Lemma envy_frozen d : (d < D)%N -> ~~ upper_open d -> envy d.+1 = envy d.
Proof.
move=> lt_dD closed.
have no_top u : u \in Ob d -> ~~ pref i u o0.
  by move=> uOb; apply: contra closed => u_o0; apply/existsP; exists u; rewrite uOb.
by rewrite /envy /upper_mass !(upper_mass_frozen (run_step lt_dD) _ no_top).
Qed.

Lemma upper_open_shrink d : (d < D)%N -> upper_open d.+1 -> upper_open d.
Proof.
move=> lt_dD /existsP [u /andP [uOb u_o0]]; apply/existsP; exists u.
by rewrite u_o0 andbT (subsetP (run_Obar_shrink lt_dD)).
Qed.

(* While [i]'s upper contour set is open the potential stays below the bound;
   once it closes the envy is frozen. *)
Lemma envy_bounded_run d : (d <= D)%N ->
  envy d <= envy_bound /\ (upper_open d -> potential d <= envy_bound).
Proof.
elim: d => [|d IH] lt_dD.
  by rewrite -potential0; split=> //; apply: envy_le_potential.
have [IH_envy IH_pot] := IH (ltnW lt_dD).
have [open_d | closed_d] := boolP (upper_open d).
  have pot_le := le_trans (potential_step lt_dD open_d) (IH_pot open_d).
  by split=> // ; apply: le_trans (envy_le_potential lt_dD) pot_le.
split; first by rewrite (envy_frozen lt_dD closed_d).
by move/(upper_open_shrink lt_dD); rewrite (negbTE closed_d).
Qed.

End Run.

Unset Implicit Arguments.

Theorem proposition2 (R : realFieldType) (I O : finType)
  (pref : I -> rel O) (om0 : I -> O -> R) (D : nat)
  (om p : nat -> I -> O -> R) (Os : nat -> {set O})
  (lam beta gam : nat -> I -> O -> R) (xI : nat -> I -> R) (xO : nat -> O -> R) :
  fee_problem pref om0 ->
  fttc_run pref om0 D om p Os lam beta gam xI xO ->
  bounded_advantage pref D om p Os lam ->
  bounded_envy pref om0 (p D).
Proof.
move=> fee run advantage i j o0.
by have [] := envy_bounded_run fee run advantage i j o0 (leqnn D).
Qed.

Task goal: Copy out the material above in its entirety. Every detail must match.

Solution to this task:
Lemma envy_frozen d : (d < D)%N -> ~~ upper_open d -> envy d.+1 = envy d.
Proof.
move=> lt_dD closed.
have no_top u : u \in Ob d -> ~~ pref i u o0.
  by move=> uOb; apply: contra closed => u_o0; apply/existsP; exists u; rewrite uOb.
by rewrite /envy /upper_mass !(upper_mass_frozen (run_step lt_dD) _ no_top).
Qed.

Lemma upper_open_shrink d : (d < D)%N -> upper_open d.+1 -> upper_open d.
Proof.
move=> lt_dD /existsP [u /andP [uOb u_o0]]; apply/existsP; exists u.
by rewrite u_o0 andbT (subsetP (run_Obar_shrink lt_dD)).
Qed.

(* While [i]'s upper contour set is open the potential stays below the bound;
   once it closes the envy is frozen. *)
Lemma envy_bounded_run d : (d <= D)%N ->
  envy d <= envy_bound /\ (upper_open d -> potential d <= envy_bound).
Proof.
elim: d => [|d IH] lt_dD.
  by rewrite -potential0; split=> //; apply: envy_le_potential.
have [IH_envy IH_pot] := IH (ltnW lt_dD).
have [open_d | closed_d] := boolP (upper_open d).
  have pot_le := le_trans (potential_step lt_dD open_d) (IH_pot open_d).
  by split=> // ; apply: le_trans (envy_le_potential lt_dD) pot_le.
split; first by rewrite (envy_frozen lt_dD closed_d).
by move/(upper_open_shrink lt_dD); rewrite (negbTE closed_d).
Qed.

End Run.

Unset Implicit Arguments.

Theorem proposition2 (R : realFieldType) (I O : finType)
  (pref : I -> rel O) (om0 : I -> O -> R) (D : nat)
  (om p : nat -> I -> O -> R) (Os : nat -> {set O})
  (lam beta gam : nat -> I -> O -> R) (xI : nat -> I -> R) (xO : nat -> O -> R) :
  fee_problem pref om0 ->
  fttc_run pref om0 D om p Os lam beta gam xI xO ->
  bounded_advantage pref D om p Os lam ->
  bounded_envy pref om0 (p D).
Proof.
move=> fee run advantage i j o0.
by have [] := envy_bounded_run fee run advantage i j o0 (leqnn D).
Qed.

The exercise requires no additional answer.